REQUIRED ACTION:
Look below for the lines from the one with "exists r, 0" to the one with "A /\ bounded A.", and copy exactly those lines, both ends included.

AVAILABLE DATA:

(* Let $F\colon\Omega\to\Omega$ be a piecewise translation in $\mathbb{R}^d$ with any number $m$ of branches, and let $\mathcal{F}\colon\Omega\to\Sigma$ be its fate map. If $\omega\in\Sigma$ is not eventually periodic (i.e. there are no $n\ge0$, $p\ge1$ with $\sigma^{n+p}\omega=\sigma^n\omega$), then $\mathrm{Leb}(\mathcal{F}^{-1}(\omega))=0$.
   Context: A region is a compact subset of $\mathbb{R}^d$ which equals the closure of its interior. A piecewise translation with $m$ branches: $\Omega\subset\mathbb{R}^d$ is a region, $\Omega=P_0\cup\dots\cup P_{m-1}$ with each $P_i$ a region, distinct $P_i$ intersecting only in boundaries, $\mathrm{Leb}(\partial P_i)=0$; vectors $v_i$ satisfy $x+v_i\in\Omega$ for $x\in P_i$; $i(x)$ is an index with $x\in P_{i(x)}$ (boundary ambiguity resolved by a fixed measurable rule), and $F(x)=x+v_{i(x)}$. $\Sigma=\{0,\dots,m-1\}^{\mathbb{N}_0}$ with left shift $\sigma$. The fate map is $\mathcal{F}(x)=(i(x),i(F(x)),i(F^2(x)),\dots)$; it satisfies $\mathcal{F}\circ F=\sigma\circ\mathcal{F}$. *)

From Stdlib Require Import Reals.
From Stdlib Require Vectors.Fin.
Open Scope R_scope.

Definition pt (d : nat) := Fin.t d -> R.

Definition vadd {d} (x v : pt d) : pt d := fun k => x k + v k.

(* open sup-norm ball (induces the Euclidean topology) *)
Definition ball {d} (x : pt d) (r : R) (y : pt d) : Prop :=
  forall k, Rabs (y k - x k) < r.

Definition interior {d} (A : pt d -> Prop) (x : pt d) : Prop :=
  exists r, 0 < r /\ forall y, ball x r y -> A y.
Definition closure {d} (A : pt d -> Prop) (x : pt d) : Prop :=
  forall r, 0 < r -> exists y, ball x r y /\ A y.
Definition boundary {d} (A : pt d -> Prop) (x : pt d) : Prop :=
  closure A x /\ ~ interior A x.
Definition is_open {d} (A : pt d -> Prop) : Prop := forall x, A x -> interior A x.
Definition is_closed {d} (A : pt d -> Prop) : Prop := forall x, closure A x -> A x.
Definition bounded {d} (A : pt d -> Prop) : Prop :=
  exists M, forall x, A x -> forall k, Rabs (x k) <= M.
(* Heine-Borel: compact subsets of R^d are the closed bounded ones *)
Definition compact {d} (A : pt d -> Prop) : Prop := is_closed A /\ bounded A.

...

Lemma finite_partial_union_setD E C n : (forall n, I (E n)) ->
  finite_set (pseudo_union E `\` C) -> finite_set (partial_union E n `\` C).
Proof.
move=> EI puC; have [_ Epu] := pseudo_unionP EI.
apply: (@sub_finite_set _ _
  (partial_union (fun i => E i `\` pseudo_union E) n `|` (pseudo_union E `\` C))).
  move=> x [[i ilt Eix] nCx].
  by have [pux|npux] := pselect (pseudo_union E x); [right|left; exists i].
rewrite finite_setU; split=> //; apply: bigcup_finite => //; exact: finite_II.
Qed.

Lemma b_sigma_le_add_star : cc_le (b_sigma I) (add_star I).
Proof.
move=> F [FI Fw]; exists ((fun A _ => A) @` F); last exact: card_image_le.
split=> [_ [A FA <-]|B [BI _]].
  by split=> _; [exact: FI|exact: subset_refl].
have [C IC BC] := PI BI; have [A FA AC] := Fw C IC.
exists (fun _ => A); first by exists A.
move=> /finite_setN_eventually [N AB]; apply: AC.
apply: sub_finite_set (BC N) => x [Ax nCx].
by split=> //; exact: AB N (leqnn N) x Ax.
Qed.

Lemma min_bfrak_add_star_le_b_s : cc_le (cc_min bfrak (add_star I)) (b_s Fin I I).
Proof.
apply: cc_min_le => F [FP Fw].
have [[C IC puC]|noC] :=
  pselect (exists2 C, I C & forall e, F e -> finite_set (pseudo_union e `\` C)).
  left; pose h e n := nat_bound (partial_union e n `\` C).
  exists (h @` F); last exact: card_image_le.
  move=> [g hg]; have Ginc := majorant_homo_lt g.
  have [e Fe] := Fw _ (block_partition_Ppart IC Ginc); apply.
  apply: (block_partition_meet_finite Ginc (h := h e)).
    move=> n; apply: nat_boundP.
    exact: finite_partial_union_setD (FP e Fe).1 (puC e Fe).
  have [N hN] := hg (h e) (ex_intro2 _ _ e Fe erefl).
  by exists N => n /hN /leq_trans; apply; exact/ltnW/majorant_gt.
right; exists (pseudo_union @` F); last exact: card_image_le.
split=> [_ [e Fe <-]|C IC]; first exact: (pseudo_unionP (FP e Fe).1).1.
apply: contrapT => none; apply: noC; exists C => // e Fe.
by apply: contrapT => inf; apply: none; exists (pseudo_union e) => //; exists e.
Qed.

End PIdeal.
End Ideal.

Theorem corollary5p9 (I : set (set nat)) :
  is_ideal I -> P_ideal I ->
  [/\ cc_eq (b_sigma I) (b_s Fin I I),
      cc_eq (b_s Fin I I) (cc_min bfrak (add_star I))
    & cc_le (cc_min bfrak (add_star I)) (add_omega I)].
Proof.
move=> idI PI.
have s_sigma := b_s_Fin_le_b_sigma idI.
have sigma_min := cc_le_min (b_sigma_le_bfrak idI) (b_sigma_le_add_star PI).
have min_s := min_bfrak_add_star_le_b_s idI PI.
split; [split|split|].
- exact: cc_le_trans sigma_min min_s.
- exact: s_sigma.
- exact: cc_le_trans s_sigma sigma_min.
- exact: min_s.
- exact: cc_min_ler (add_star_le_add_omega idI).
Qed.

* * *

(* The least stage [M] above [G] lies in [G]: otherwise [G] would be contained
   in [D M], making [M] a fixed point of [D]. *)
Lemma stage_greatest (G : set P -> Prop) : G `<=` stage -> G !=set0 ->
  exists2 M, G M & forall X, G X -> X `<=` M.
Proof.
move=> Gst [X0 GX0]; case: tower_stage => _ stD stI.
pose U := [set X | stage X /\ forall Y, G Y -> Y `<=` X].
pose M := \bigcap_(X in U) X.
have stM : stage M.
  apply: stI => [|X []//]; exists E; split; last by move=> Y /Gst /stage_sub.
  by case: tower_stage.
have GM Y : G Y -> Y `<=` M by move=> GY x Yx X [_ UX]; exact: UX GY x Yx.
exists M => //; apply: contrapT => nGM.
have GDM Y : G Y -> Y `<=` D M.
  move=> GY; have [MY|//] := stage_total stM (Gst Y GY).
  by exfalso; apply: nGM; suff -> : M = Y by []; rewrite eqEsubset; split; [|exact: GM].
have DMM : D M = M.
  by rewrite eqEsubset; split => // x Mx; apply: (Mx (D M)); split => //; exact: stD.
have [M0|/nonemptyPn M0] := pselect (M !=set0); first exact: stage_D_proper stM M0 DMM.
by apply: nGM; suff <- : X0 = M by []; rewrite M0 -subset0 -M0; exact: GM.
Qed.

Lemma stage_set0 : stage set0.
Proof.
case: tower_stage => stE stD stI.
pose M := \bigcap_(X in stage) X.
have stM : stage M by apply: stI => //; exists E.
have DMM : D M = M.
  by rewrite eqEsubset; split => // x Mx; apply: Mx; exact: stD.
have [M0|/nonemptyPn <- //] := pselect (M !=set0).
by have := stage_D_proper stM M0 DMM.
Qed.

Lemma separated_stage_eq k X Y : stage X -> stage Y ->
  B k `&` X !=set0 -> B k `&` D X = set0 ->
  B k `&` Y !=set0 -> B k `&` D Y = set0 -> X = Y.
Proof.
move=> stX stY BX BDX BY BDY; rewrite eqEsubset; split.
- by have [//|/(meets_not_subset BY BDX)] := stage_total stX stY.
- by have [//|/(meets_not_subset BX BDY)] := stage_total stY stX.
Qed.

TASK RESULT:
  exists r, 0 < r /\ forall y, ball x r y -> A y.
Definition closure {d} (A : pt d -> Prop) (x : pt d) : Prop :=
  forall r, 0 < r -> exists y, ball x r y /\ A y.
Definition boundary {d} (A : pt d -> Prop) (x : pt d) : Prop :=
  closure A x /\ ~ interior A x.
Definition is_open {d} (A : pt d -> Prop) : Prop := forall x, A x -> interior A x.
Definition is_closed {d} (A : pt d -> Prop) : Prop := forall x, closure A x -> A x.
Definition bounded {d} (A : pt d -> Prop) : Prop :=
  exists M, forall x, A x -> forall k, Rabs (x k) <= M.
(* Heine-Borel: compact subsets of R^d are the closed bounded ones *)
Definition compact {d} (A : pt d -> Prop) : Prop := is_closed A /\ bounded A.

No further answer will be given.